- Data for the task
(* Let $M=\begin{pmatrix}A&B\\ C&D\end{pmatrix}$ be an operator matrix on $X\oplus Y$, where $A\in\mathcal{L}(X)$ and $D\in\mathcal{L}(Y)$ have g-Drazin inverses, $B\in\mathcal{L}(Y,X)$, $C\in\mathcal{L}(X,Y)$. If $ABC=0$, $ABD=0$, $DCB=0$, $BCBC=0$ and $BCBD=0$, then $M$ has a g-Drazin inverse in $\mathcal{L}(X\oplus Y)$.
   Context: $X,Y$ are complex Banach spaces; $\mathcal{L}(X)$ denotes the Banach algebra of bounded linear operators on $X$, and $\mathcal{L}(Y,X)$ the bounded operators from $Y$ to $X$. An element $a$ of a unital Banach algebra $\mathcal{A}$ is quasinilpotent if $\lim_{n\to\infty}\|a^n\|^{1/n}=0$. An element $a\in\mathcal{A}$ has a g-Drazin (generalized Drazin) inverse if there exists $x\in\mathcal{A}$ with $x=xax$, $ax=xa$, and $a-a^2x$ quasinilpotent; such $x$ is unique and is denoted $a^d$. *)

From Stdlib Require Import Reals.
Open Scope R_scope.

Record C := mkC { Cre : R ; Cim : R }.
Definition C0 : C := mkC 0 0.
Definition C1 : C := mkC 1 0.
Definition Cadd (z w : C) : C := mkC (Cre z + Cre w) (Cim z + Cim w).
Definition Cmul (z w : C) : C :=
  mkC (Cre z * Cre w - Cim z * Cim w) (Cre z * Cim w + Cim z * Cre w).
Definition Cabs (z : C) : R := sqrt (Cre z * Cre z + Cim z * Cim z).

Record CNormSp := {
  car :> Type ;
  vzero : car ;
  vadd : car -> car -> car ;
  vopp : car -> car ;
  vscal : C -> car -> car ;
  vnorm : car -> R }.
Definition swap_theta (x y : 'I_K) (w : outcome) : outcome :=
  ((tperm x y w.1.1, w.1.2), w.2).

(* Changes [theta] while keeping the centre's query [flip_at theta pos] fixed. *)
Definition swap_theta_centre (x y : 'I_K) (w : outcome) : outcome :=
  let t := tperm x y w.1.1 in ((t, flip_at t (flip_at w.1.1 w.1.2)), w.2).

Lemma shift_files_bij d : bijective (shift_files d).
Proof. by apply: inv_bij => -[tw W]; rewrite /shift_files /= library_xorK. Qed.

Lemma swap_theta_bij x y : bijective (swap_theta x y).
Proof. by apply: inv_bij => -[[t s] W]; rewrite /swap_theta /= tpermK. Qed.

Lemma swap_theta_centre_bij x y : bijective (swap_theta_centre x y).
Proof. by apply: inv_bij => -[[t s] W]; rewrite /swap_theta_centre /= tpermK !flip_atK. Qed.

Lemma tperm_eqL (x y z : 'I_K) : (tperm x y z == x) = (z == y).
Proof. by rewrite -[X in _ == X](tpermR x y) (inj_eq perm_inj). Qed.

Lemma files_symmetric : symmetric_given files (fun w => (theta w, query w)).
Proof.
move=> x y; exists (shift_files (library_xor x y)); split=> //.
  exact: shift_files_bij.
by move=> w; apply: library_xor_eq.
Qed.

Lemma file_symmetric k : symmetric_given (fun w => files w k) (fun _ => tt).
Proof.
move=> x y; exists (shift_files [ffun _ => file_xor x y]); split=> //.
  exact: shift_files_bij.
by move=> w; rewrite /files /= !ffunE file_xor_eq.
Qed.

- Assignment
Scan the material above for the string "bijective", and copy every line where it is found.

- Solution to this problem
Lemma shift_files_bij d : bijective (shift_files d).
Lemma swap_theta_bij x y : bijective (swap_theta x y).
Lemma swap_theta_centre_bij x y : bijective (swap_theta_centre x y).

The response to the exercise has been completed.